Why? Because I find that they they are more focused and not as easily distracted than male dogs. Is there any truth to that? Who knows I'm just stating my own preferences .Would I get a male dog in the future? Sure if I found one I really wanted then the sex of the dog wouldnt really matter


----------



## Regi (Feb 16, 2008)

I am so confused I guess its a matter of finding the right dog whether if its male or female if its love its love like I saw 3 or 4 yorkies and once I saw chili there was no doubt about it the look on his face and the eye contact told me he was it,, same with prince. Prince looked at my husband through the glass and he wanted him out of that cage ,,, right away so I have a hard time choosing how can you pick one dog over another its absolutely crazy and difficult but I dont know I just think there is a connection


----------



## Dogstar (May 11, 2007)

It's personal preference. 

The girls mature faster (a big bonus) as far as focus goes, but I don't think they're any less distractable overall. The boys tend to be more lovey. There's some differences that go along with breed, too- I won't own another female corgi, but I really prefer female collies, and if I get a GSD in the future, that will be a female since they tend to be a little less likely to challenge their handlers, which is a trait I find obnoxious. And if you want to show, the boys stay in coat better (not a consideration in all breeds, obviously) and can be showier than the girls. It really is just personal preference. In general? A good breeder will pick the right pup for you out of the litter.
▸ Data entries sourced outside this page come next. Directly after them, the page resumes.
Lemma sombor_weight_slide_ab (R : realType) :
  deg g a != 1%N -> deg g b != 1%N ->
  (sombor_weight R g (a, b) < sombor_weight R (slide g a b) (a, b))%R.
Proof.
move=> /eqP da1 /eqP db1; have da := deg_slide_a.
have pa := deg_gt0 gab; have pb : (0 < deg g b)%N by apply: (@deg_gt0 _ _ _ a); rewrite sg.
rewrite /sombor_weight /= ltr_sqrt; last first.
  by rewrite ltr_pwDr ?exprn_gt0 ?ltr0n ?deg_slide_b ?exprn_ge0 ?ler0n.
rewrite -!natrX -!natrD ltr_nat deg_slide_b.
move: da1 db1 da pa pb; set x := deg g a; set y := deg g b; set z := deg _ a.
by move=> *; nia.
Qed.

Lemma sombor_slide_gt (R : realType) :
  deg g a != 1%N -> deg g b != 1%N -> (sombor R g < sombor R (slide g a b))%R.
Proof.
move=> da1 db1.
rewrite -(ltr_pMn2r (isT : (0 < 2)%N)) -sombor_arcs // -sombor_arcs;
  [|exact: slide_sym | exact: slide_irr].
rewrite reindex_slide (bigD1 (a, b)) //= [X in (_ < X)%R](bigD1 (a, b)) //=.
have -> : slide_pair a b (a, b) = (a, b) by rewrite /slide_pair /ab_pair /= !eqxx.
apply: ltr_leD; first exact: sombor_weight_slide_ab.
apply: ler_sum => -[x y] /andP[gxy /= nab].
case: (boolP (ab_pair a b x y)) => [abxy|nx]; last exact: sombor_weight_slide.
have [-> ->] : (x, y) = (b, a).
  by move: abxy nab; rewrite /ab_pair => /orP[] /andP[/eqP-> /eqP->]; rewrite ?eqxx.
rewrite /slide_pair /ab_pair /= !eqxx orbT sombor_weight_swap.
by rewrite [X in (_ <= X)%R]sombor_weight_swap ltW // sombor_weight_slide_ab.
Qed.

End Slide.

Unset Implicit Arguments.

Theorem proposition3p2 (R : realType) (n k : nat) (g : rel 'I_n) :
  simple_graph g -> connected_graph g -> num_cut_edges g = k ->
  (forall g' : rel 'I_n, simple_graph g' -> connected_graph g' ->
     num_cut_edges g' = k -> (sombor R g' <= sombor R g)%R) ->
  forall a b : 'I_n, is_cut_edge g a b -> deg g a = 1%N \/ deg g b = 1%N.
Proof.
move=> [sg ig] cg hk hmax a b [gab ncut].
have ab_cut : ~~ connect (remove_edge g a b) a b.
  apply/negP => c; apply: ncut => x y.
  by move: c; rewrite -(connected_remove_edgeE sg cg gab) => /forallP/(_ x)/forallP/(_ y).
case: (eqVneq (deg g a) 1%N) => [|da1]; first by left.
case: (eqVneq (deg g b) 1%N) => [|db1]; first by right.
have hk' : num_cut_edges (slide g a b) = k by rewrite num_cut_edges_slide.
have := hmax _ (slide_simple sg ig gab) (slide_connected ig cg gab) hk'.
by rewrite leNgt sombor_slide_gt.
Qed.
(* Assume the standing setup, let $H\le\Gamma$ and let $\mathcal G_H(P)$ be as defined in the context, for an object $P$ of $\mathcal L$. Regard $\Gamma/H$ as a discrete category (objects the left cosets, only identity morphisms). Then the functor $\delta_P:\mathcal G_H(P)\to\Gamma/H$ sending $(P^\alpha,\alpha)$ to $\widehat\Theta(\alpha)^{-1}H$ is well defined and is an equivalence of categories.
   Context: Standing setup: $(S,\mathcal F,\mathcal L)$ is a $p$-local finite group with centric linking system $\mathcal L$ (objects the $\mathcal F$-centric subgroups, projection $\pi:\mathcal L\to\mathcal F$), and a fixed compatible set of inclusions $\iota_P^Q$ ($\pi(\iota_P^Q)$ the inclusion, $\iota_Q^R\iota_P^Q=\iota_P^R$, $\iota_S^S=\mathrm{Id}$) with respect to which morphisms are restricted. For $\alpha\in\operatorname{Mor}_{\mathcal L}(P,S)$, $P^\alpha=\pi(\alpha)(P)$ and $\alpha$ also denotes the restricted isomorphism $P\to P^\alpha$. $\Gamma=\Gamma_{p'}(\mathcal F)$ (finite, order prime to $p$, a quotient of $\pi_1(|\mathcal L|,S)$) and $\widehat\Theta:\mathcal L\to\mathcal B(\Gamma)$ sends $f:P\to Q$ to the image of the class of the loop $\iota_Q^S*f*(\iota_P^S)^{-1}$; its restriction $\operatorname{Aut}_{\mathcal L}(S)\to\Gamma$ is surjective. $\mathcal L_H$ is the subcategory of $\mathcal L$ with all objects and morphisms $\widehat\Theta^{-1}(H)$, $\iota:\mathcal L_H\to\mathcal L$ the inclusion. $P\downarrow\iota$ has objects $(Q,\alpha)$, $\alpha\in\operatorname{Mor}_{\mathcal L}(P,Q)$, and morphisms $(Q,\alpha)\to(Q',\alpha')$ the $\psi\in\operatorname{Mor}_{\mathcal L_H}(Q,Q')$ with $\psi\alpha=\alpha'$; $\mathcal G_H(P)$ is its full subcategory on the objects $(P^\alpha,\alpha)$, $\alpha\in\operatorname{Mor}_{\mathcal L}(P,S)$. *)

From HB Require Import structures.
From mathcomp Require Import all_boot all_fingroup all_solvable.
From Stdlib Require Import ProofIrrelevance.

Set Implicit Arguments.
Unset Strict Implicit.
Unset Printing Implicit Defensive.

Local Open Scope group_scope.

Record category := Category {
  ob : Type;
  hom : ob -> ob -> Type;
  idc : forall a, hom a a;
  compc : forall a b c, hom b c -> hom a b -> hom a c;
  compc_id_l : forall a b (f : hom a b), compc (idc b) f = f;
  compc_id_r : forall a b (f : hom a b), compc f (idc a) = f;
  compc_assoc : forall a b c d (h : hom c d) (g : hom b c) (f : hom a b),
      compc h (compc g f) = compc (compc h g) f
}.
Arguments ob : clear implicits.
Arguments hom : clear implicits.
Arguments idc {C} a : rename.
Arguments compc {C a b c} : rename.

Record functor (C D : category) := Functor {
  fob : ob C -> ob D;
  fhom : forall a b, hom C a b -> hom D (fob a) (fob b);
  fhom_id : forall a, fhom (idc a) = idc (fob a);
  fhom_comp : forall a b c (g : hom C b c) (f : hom C a b),
      fhom (compc g f) = compc (fhom g) (fhom f)
}.
Arguments fob {C D} F _ : rename.
Arguments fhom {C D} F {a b} _ : rename.

Definition is_iso (C : category) (a b : ob C) (f : hom C a b) : Prop :=
  exists g : hom C b a, compc g f = idc a /\ compc f g = idc b.

Definition fully_faithful (C D : category) (F : functor C D) : Prop :=
  forall a b : ob C, bijective (@fhom C D F a b).

Definition essentially_surjective (C D : category) (F : functor C D) : Prop :=
  forall d : ob D, exists c : ob C, exists f : hom D (fob F c) d, is_iso f.

Definition is_equivalence (C D : category) (F : functor C D) : Prop :=
  fully_faithful F /\ essentially_surjective F.

Definition disc_hom (T : Type) (a b : T) : Type := a = b.

Program Definition discrete_cat (T : Type) : category :=
  @Category T (@disc_hom T) (fun a => erefl a)
    (fun a b c (g : disc_hom b c) (f : disc_hom a b) => etrans f g) _ _ _.
Next Obligation. intros; apply: (@proof_irrelevance (_ = _)). Qed.
Next Obligation. intros; apply: (@proof_irrelevance (_ = _)). Qed.
Next Obligation. intros; apply: (@proof_irrelevance (_ = _)). Qed.

(* The standing setup: a p-local finite group (S,F,L) with centric    *)
(* linking system L, projection pi, compatible inclusions, restricted *)
(* isomorphisms, and the map  Theta-hat : L -> B(Gamma).              *)

Record linking_setup (gT gammaT : finGroupType) (p : nat) := LinkingSetup {
  (* objects of L (the F-centric subgroups) and their underlying groups *)
  Lob : Type;
  grp : Lob -> {group gT};
  Sob : Lob;
  p_prime : prime p;
  S_pgroup : p.-group (grp Sob);
  obj_sub : forall P, grp P \subset grp Sob;
  Lmor : Lob -> Lob -> Type;
  Lid : forall P, Lmor P P;
  Lcomp : forall P Q R, Lmor Q R -> Lmor P Q -> Lmor P R;
  Lcomp_id_l : forall P Q (f : Lmor P Q), Lcomp (Lid Q) f = f;
  Lcomp_id_r : forall P Q (f : Lmor P Q), Lcomp f (Lid P) = f;
  Lcomp_assoc : forall P Q R T (h : Lmor R T) (g : Lmor Q R) (f : Lmor P Q),
      Lcomp h (Lcomp g f) = Lcomp (Lcomp h g) f;
  piL : forall P Q, Lmor P Q -> gT -> gT;
  piL_morph : forall P Q (f : Lmor P Q),
      {in grp P &, {morph piL f : x y / x * y}};
  piL_inj : forall P Q (f : Lmor P Q), {in grp P &, injective (piL f)};
  piL_into : forall P Q (f : Lmor P Q), piL f @: grp P \subset grp Q;
  piL_id : forall P, {in grp P, piL (Lid P) =1 id};
  piL_comp : forall P Q R (g : Lmor Q R) (f : Lmor P Q),
      {in grp P, piL (Lcomp g f) =1 piL g \o piL f};
  incl : forall P Q, grp P \subset grp Q -> Lmor P Q;
  incl_pi : forall P Q (h : grp P \subset grp Q), {in grp P, piL (incl h) =1 id};
  incl_comp : forall P Q R (hPQ : grp P \subset grp Q) (hQR : grp Q \subset grp R),
      Lcomp (incl hQR) (incl hPQ) = incl (subset_trans hPQ hQR);
  incl_SS : incl (subxx (grp Sob)) = Lid Sob;
  imob : forall P, Lmor P Sob -> Lob;
  imob_grp : forall P (a : Lmor P Sob), (grp (imob a) : {set gT}) = piL a @: grp P;
  resL : forall P (a : Lmor P Sob), Lmor P (imob a);
  resL_spec : forall P (a : Lmor P Sob), Lcomp (incl (obj_sub (imob a))) (resL a) = a;
  resL_iso : forall P (a : Lmor P Sob), exists b : Lmor (imob a) P,
      Lcomp b (resL a) = Lid P /\ Lcomp (resL a) b = Lid (imob a);
  (* Gamma = Gamma_{p'}(F), finite of order prime to p, and a functor
     theta : L -> B(Gamma) representing the quotient map pi_1(|L|,S) -> Gamma:
     the class of a loop (an edge path) is sent to the product of the
     theta-images of its edges (inverse edges to inverses). *)
  Gam : {group gammaT};
  Gam_p'group : p^'.-group Gam;
  theta : forall P Q, Lmor P Q -> gammaT;
  theta_in : forall P Q (f : Lmor P Q), theta f \in Gam;
  theta_id : forall P, theta (Lid P) = 1;
  theta_comp : forall P Q R (g : Lmor Q R) (f : Lmor P Q),
      theta (Lcomp g f) = theta g * theta f;
  (* Theta-hat restricted to Aut_L(S) is onto Gamma *)
  Theta_onto_AutS : forall g, g \in Gam -> exists phi : Lmor Sob Sob,
      theta (incl (obj_sub Sob)) * theta phi * (theta (incl (obj_sub Sob)))^-1 = g
}.

Section Setup.
Variables (gT gammaT : finGroupType) (p : nat) (L : linking_setup gT gammaT p).

(* Theta-hat(f) = image of the class of the loop  iota_Q^S * f * (iota_P^S)^{-1} *)
Definition Thetah (P Q : Lob L) (f : @Lmor _ _ _ L P Q) : gammaT :=
  theta (incl (obj_sub Q)) * theta f * (theta (incl (obj_sub P)))^-1.

Lemma Thetah_id (P : Lob L) : Thetah (Lid P) = 1.
Proof. by rewrite /Thetah theta_id mulg1 mulgV. Qed.

Lemma Thetah_comp (P Q R : Lob L) (g : @Lmor _ _ _ L Q R) (f : @Lmor _ _ _ L P Q) :
  Thetah (Lcomp g f) = Thetah g * Thetah f.
Proof.
rewrite /Thetah theta_comp !mulgA; congr (_ * _).
by rewrite -!mulgA; congr (_ * _); rewrite mulKg.
Qed.

Variable H : {group gammaT}.

Definition LH_mor (P Q : Lob L) (f : @Lmor _ _ _ L P Q) : Prop := Thetah f \in H.

(* The category G_H(P): objects (P^alpha, alpha), alpha in Mor_L(P,S);
   morphisms (P^a,a) -> (P^b,b) are psi in Mor_{L_H}(P^a,P^b) with psi a = b
   (a, b the restricted isomorphisms). *)
Definition GH_hom (P : Lob L) (a b : @Lmor _ _ _ L P (Sob L)) : Type :=
  {psi : @Lmor _ _ _ L (imob a) (imob b) | LH_mor psi /\ Lcomp psi (resL a) = resL b}.

Lemma GH_id_proof (P : Lob L) (a : @Lmor _ _ _ L P (Sob L)) :
  LH_mor (Lid (imob a)) /\ Lcomp (Lid (imob a)) (resL a) = resL a.
Proof. by split; [rewrite /LH_mor Thetah_id group1 | rewrite Lcomp_id_l]. Qed.

Definition GH_id (P : Lob L) (a : @Lmor _ _ _ L P (Sob L)) : GH_hom a a :=
  exist _ (Lid (imob a)) (GH_id_proof a).

Lemma GH_comp_proof (P : Lob L) (a b c : @Lmor _ _ _ L P (Sob L))
  (g : GH_hom b c) (f : GH_hom a b) :
  LH_mor (Lcomp (proj1_sig g) (proj1_sig f)) /\
  Lcomp (Lcomp (proj1_sig g) (proj1_sig f)) (resL a) = resL c.
Proof.
case: g => g [Hg Eg]; case: f => f [Hf Ef] /=; split.
  by rewrite /LH_mor Thetah_comp groupM.
by rewrite -Lcomp_assoc Ef Eg.
Qed.

Definition GH_comp (P : Lob L) (a b c : @Lmor _ _ _ L P (Sob L))
  (g : GH_hom b c) (f : GH_hom a b) : GH_hom a c :=
  exist _ (Lcomp (proj1_sig g) (proj1_sig f)) (GH_comp_proof g f).

Lemma GH_sig_eq (P : Lob L) (a b : @Lmor _ _ _ L P (Sob L)) (f g : GH_hom a b) :
  proj1_sig f = proj1_sig g -> f = g.
Proof.
case: f => f Pf; case: g => g Pg /= E; subst g.
by rewrite (proof_irrelevance _ Pf Pg).
Qed.

Program Definition G_H (P : Lob L) : category :=
  @Category (@Lmor _ _ _ L P (Sob L)) (@GH_hom P) (@GH_id P) (@GH_comp P) _ _ _.
Next Obligation. intros. apply: (GH_sig_eq (a:=a) (b:=b)). rewrite /= Lcomp_id_l. done. Qed.
Next Obligation. intros. apply: (GH_sig_eq (a:=a) (b:=b)). by rewrite /= Lcomp_id_r. Qed.
Next Obligation. intros. apply: (GH_sig_eq (a:=a) (b:=d)). by rewrite /= Lcomp_assoc. Qed.

Definition left_cosets := {A : {set gammaT} | A \in lcosets H (Gam L)}.
Definition GamH_cat : category := discrete_cat left_cosets.

End Setup.

(* Theta-hat is a functor to Gamma that is trivial on the inclusions, so it does
   not see the restriction [alpha |-> P^alpha]; hence a morphism [psi] of
   G_H(P) from [(P^alpha, alpha)] to [(P^beta, beta)] has
   Theta-hat(beta) = Theta-hat(psi) Theta-hat(alpha) with Theta-hat(psi) in H, and
   the cosets agree.  Conversely, since the restricted [alpha] is an isomorphism,
   [psi] is forced to be [beta alpha^-1], which lies in L_H exactly when the two
   cosets agree; so the hom-sets of G_H(P) have at most one element and are
   nonempty exactly over equal cosets.  Essential surjectivity comes from the
   surjectivity of Theta-hat on Aut_L(S), precomposed with iota_P^S. *)

From Pilot Require Import Defs.
From mathcomp Require Import all_boot all_fingroup all_solvable.
From Stdlib Require Import ProofIrrelevance.

Set Implicit Arguments.
Unset Strict Implicit.
Unset Printing Implicit Defensive.

Local Open Scope group_scope.

Lemma bij_subsingleton (A B : Type) (f : A -> B) :
  (forall x y : A, x = y) -> (forall x y : B, x = y) -> inhabited (B -> A) ->
  bijective f.
Proof. by move=> eqA eqB [g]; exists g => [x | y]; [apply: eqA | apply: eqB]. Qed.

Section DiscreteTarget.
Variables (C : category) (T : Type).

Program Definition functor_to_discrete (f : ob C -> T)
    (f_hom : forall a b, hom C a b -> f a = f b) : functor C (discrete_cat T) :=
  @Functor C (discrete_cat T) f f_hom _ _.
Next Obligation. by move=> *; apply: (@proof_irrelevance (_ = _)). Qed.
Next Obligation. by move=> *; apply: (@proof_irrelevance (_ = _)). Qed.

(* Unqualified, [is_iso] would be the isomorphism predicate of [morphism]. *)
Lemma discrete_is_iso (a b : T) (e : hom (discrete_cat T) a b) : Defs.is_iso e.
Proof. by exists (esym (e : a = b)); split; apply: (@proof_irrelevance (_ = _)). Qed.

Variable F : functor C (discrete_cat T).

Lemma fully_faithful_to_discrete :
  (forall a b (f g : hom C a b), f = g) ->
  (forall a b, inhabited (fob F a = fob F b -> hom C a b)) -> fully_faithful F.
Proof.
move=> hom_uniq hom_of_eq a b.
apply: bij_subsingleton; first exact: hom_uniq.
- by move=> e e'; apply: (@proof_irrelevance (_ = _)).
- exact: hom_of_eq.
Qed.

Lemma essentially_surjective_to_discrete :
  (forall d : T, exists c, fob F c = d) -> essentially_surjective F.
Proof. by move=> Fsurj d; have [c Fc] := Fsurj d; exists c, Fc; apply: discrete_is_iso. Qed.

End DiscreteTarget.

Lemma eq_lcosetsV (gT : finGroupType) (H : {group gT}) (x y : gT) :
  (x^-1 *: H = y^-1 *: H) <-> (y * x^-1 \in H).
Proof.
rewrite -{2}[y]invgK -mem_lcoset.
by split => [<- | /lcoset_eqP //]; apply: lcoset_refl.
Qed.

Section ThetaHat.
Variables (gT gammaT : finGroupType) (p : nat) (L : linking_setup gT gammaT p).

Lemma theta_incl_S : theta (incl (obj_sub (Sob L))) = 1.
Proof.
have -> : obj_sub (Sob L) = subxx (grp (Sob L)) by apply: proof_irrelevance.
by rewrite incl_SS theta_id.
Qed.

Lemma Thetah_incl (Q : Lob L) : Thetah (incl (obj_sub Q)) = 1.
Proof. by rewrite /Thetah theta_incl_S mul1g mulgV. Qed.

Lemma Thetah_resL (P : Lob L) (a : Lmor P (Sob L)) : Thetah (resL a) = Thetah a.
Proof.
have := congr1 (@Thetah _ _ _ L P (Sob L)) (resL_spec a).
by rewrite Thetah_comp Thetah_incl mul1g.
Qed.

Lemma Thetah_in (P Q : Lob L) (f : Lmor P Q) : Thetah f \in Gam L.
Proof. by rewrite /Thetah !groupM ?groupV ?theta_in. Qed.

Lemma Thetah_left_inverse (P Q : Lob L) (f : Lmor P Q) (g : Lmor Q P) :
  Lcomp g f = Lid P -> Thetah g = (Thetah f)^-1.
Proof. by move=> gf; apply: (mulIg (Thetah f)); rewrite -Thetah_comp gf Thetah_id mulVg. Qed.

Variables (H : {group gammaT}) (P : Lob L).

Lemma GH_hom_Thetah (a b : Lmor P (Sob L)) (psi : GH_hom H a b) :
  Thetah b = Thetah (sval psi) * Thetah a.
Proof.
case: psi => psi [_ psi_a] /=.
by rewrite -Thetah_resL -psi_a Thetah_comp Thetah_resL.
Qed.

Lemma GH_hom_uniq (a b : Lmor P (Sob L)) (psi phi : GH_hom H a b) : psi = phi.
Proof.
have [a' [a'a aa']] := resL_iso a.
have sval_eq (chi : GH_hom H a b) : sval chi = Lcomp (resL b) a'.
  case: chi => chi [_ chi_a] /=.
  by rewrite -chi_a -Lcomp_assoc aa' Lcomp_id_r.
by apply: GH_sig_eq; rewrite !sval_eq.
Qed.

Lemma lcosetV_Thetah_mem (a : Lmor P (Sob L)) : (Thetah a)^-1 *: H \in lcosets H (Gam L).
Proof. by rewrite -lcosetE imset_f ?groupV ?Thetah_in. Qed.

Definition delta_ob (a : Lmor P (Sob L)) : left_cosets L H :=
  exist _ ((Thetah a)^-1 *: H) (lcosetV_Thetah_mem a).

Lemma delta_ob_eq (a b : Lmor P (Sob L)) :
  delta_ob a = delta_ob b <-> Thetah b * (Thetah a)^-1 \in H.
Proof. by split => [/(congr1 val)/eq_lcosetsV // | /eq_lcosetsV e]; apply: val_inj. Qed.

Lemma delta_ob_hom (a b : Lmor P (Sob L)) : GH_hom H a b -> delta_ob a = delta_ob b.
Proof.
move=> psi; apply/delta_ob_eq.
by rewrite (GH_hom_Thetah psi) mulgK; case: psi => ? [].
Qed.

Lemma GH_hom_of_delta_ob_eq (a b : Lmor P (Sob L)) :
  inhabited (delta_ob a = delta_ob b -> GH_hom H a b).
Proof.
have [a' [a'a _]] := resL_iso a.
constructor => /delta_ob_eq ba_H.
exists (Lcomp (resL b) a'); split; last by rewrite -Lcomp_assoc a'a Lcomp_id_r.
by rewrite /LH_mor Thetah_comp Thetah_resL (Thetah_left_inverse a'a) Thetah_resL.
Qed.

Lemma delta_ob_surj (d : left_cosets L H) : exists a, delta_ob a = d.
Proof.
case: d => d d_coset; have /imsetP[x Gx d_x] := d_coset.
have [phi Thetah_phi] := Theta_onto_AutS (groupVr Gx).
exists (Lcomp phi (incl (obj_sub P))); apply: val_inj => /=.
by rewrite Thetah_comp Thetah_incl mulg1 [Thetah _]Thetah_phi invgK d_x lcosetE.
Qed.

Definition delta : functor (G_H H P) (GamH_cat L H) :=
  functor_to_discrete (C := G_H H P) delta_ob_hom.

End ThetaHat.

Theorem lemma3p11 (gT gammaT : finGroupType) (p : nat)
  (L : linking_setup gT gammaT p) (H : {group gammaT})
  (HGam : H \subset Gam L) (P : Lob L) :
  exists F : functor (G_H H P) (GamH_cat L H),
    (forall a : @Lmor _ _ _ L P (Sob L), val (fob F a) = (Thetah a)^-1 *: H)
    /\ is_equivalence F.
Proof.
exists (delta H P); split=> //; split.
- apply: fully_faithful_to_discrete; first exact: GH_hom_uniq.
  exact: GH_hom_of_delta_ob_eq.
- exact/essentially_surjective_to_discrete/delta_ob_surj.
Qed.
Generally there's going to be a range of personalities in both sexes. Ruling out one or the other, when you're just looking for a pet, can be a way to miss out on a great dog.


----------



## doggone6 (Sep 7, 2007)

Person preference. MY personal preference is for boys (and I've owned a lot of girls in my lifetime).

Here we go again! "Boys are sweeter, girls are smarter." "There's a reason they're called bitches." I have no reason to argue with either of these old sayings, lol! On the other hand, one of my best friends will have nothing but girls and I love her gang...I just don't want to live with them!


----------



## Regi (Feb 16, 2008)

Boys are sweet as hell , I have my 2 boys and I adore them so much they are so adorable. I cant imagine how a girl could be any better than what I have now they are my boys I love them because of they are so loving My boys greet me at the door and when I wake up they both get out of their bed and come to me why because they are so loyal and sweet. I know there are girls out there that are the same I have 2 boys and a girl as far as children go and my girl always accuses me of favoring the boys. I dont feel like I do that but girls are needier and want to talk and have issues and boys are different. SO do I favor my boys sometimes I suppose my 19 year old Im always bragging about how handsome he is and tall and strong a man already and my 4 year old boy he can be alot of work but again hes mamas boy but my girl who is a 14 year old is the perfect student and made the best schools and just is an angel she loves her teachers and friends and is all around great where my 19 year old causes me so much grief I cant even tell you what he does because hes bad to the bone but still you feel so much love and its just youre boy nomatter what. With my daughter I have to practise more patience in listening to how much she loves her teachers and why she doesnt want to graduate and how shes going to cry leaving her present school for High school I never felt that way I just went ha So Its hard with a daughter but she loves me more than anything shes good hearted and loves me and remembers my birthday my oldest son he does NOTHING ha so i have to realize what I have in my daughter a son is a son till he gets a wife and daughter is a daughter for the rest of your life.. I believe that


----------



## bella's Mum (Apr 1, 2008)

I would probably almost always chose a female over male, of course that would depend on how the meeting with pups/dogs went.
Girls are less terretorial i have found, they females i have had have always been more caring towards children and more willing to be part of human pack,


----------



## Laurelin (Nov 2, 2006)

Based on my experience the boys tend to be more lovey, simpler animals. They tend to love to dote on their owners. They're sweet and mine take commands easier. 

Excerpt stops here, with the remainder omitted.